The reason is that the compiler may see a literal used in many places in the code, for example:
in x.cpp: std::cerr << "Error" << separator << msg << '\n';
in y.cpp: if (x == "Error") ...
in z.cpp: q = "StackOverflowError";
It's very desirable to avoid having all those string literals appear separately in the executable image and loaded process memory; instead, the compiler may arrange a single memory region containing "StackOverFlowError\0" and use pointers to the relevant start character (whether the 'S' or 'E') at the points of use.

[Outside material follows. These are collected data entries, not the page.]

Lemma connect_ind (T : finType) (e : rel T) (P : T -> Prop) a b :
  connect e a b -> P a -> (forall u v, e u v -> P u -> P v) -> P b.
Proof.
move=> /connectP [p + ->] Pa step; elim: p a Pa => [|c p IH] a //= Pa /andP [eac].
exact/IH/(step _ _ eac).
Qed.

Lemma set2_pair_eq (T : finType) (x y : T * T) :
  [set x.1; x.2] = [set y.1; y.2] -> x = y \/ x = swap_pair y.
Proof.
case: x y => [a b] [c d] /= eq_ab_cd.
have : a \in [set c; d] by rewrite -eq_ab_cd set21.
have : b \in [set c; d] by rewrite -eq_ab_cd set22.
have : c \in [set a; b] by rewrite eq_ab_cd set21.
have : d \in [set a; b] by rewrite eq_ab_cd set22.
by rewrite !inE => /orP [] /eqP dE /orP [] /eqP cE /orP [] /eqP bE /orP [] /eqP aE; subst; auto.
Qed.

Section Faces.
Variables (n : nat) (e : rel 'I_n) (rot : 'I_n -> 'I_n -> 'I_n).
Hypotheses (e_simple : simple_graph e) (rot_system : rotation_system e rot).

Local Notation D := (darts e).
Local Notation fstep := (face_step rot).

Lemma in_darts x : (x \in D) = e x.1 x.2.
Proof. by rewrite inE. Qed.

Lemma darts_neq x : x \in D -> x.1 != x.2.
Proof. by rewrite in_darts; apply: contraTneq => ->; exact: e_simple.2. Qed.

Lemma swap_darts x : (swap_pair x \in D) = (x \in D).
Proof. by rewrite !in_darts e_simple.1. Qed.

Lemma face_step_darts : {homo fstep : x / x \in D}.
Proof. by move=> [u v]; rewrite !in_darts /= e_simple.1; apply: (rot_system v).1. Qed.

If you were allowed to modify the value - perhaps deciding that you wanted x.cpp to display "Alert" instead of "Error", it could unintentionally break the code from y.cpp and z.cpp too.
Is there a quick fix?
Well, if depends what you think's broken. If you mean a way to modify the string literals, then no... that's undefined behaviour for the reasons explained above, and the memory protection mechanisms will vary with the OS etc.. If you mean to be able to modify textual data in a similar way, then yes: char* s = "abc";
puts s
on the stack, but it points to that .bss data as you've observed. If you instead write:
char s[] = "abc";
Then s
is still on the stack but is now an array with space for 4 character, the string literal is still in the .bss, but whenever that line runs it copies from the latter to the former, after which you're able to modify the stack-based copy ala s[1] = 'x';
.
Of course, putting your data into a std::string
is normally a better approach.
Upvotes: 10
Reputation: 84792
Modifying string literals is undefined behaviour under C standard.
The fact that you could do it with older compilers does not imply that it's legal in all compilers, they merely used to be more permissive and did not protect you from writing this memory area.
You can do:
char str[] = "Hello";
str[1] = '1';
This will create a mutable array of char
and initialise it with a copy of string literal's value (including a \0
terminator).
Upvotes: 3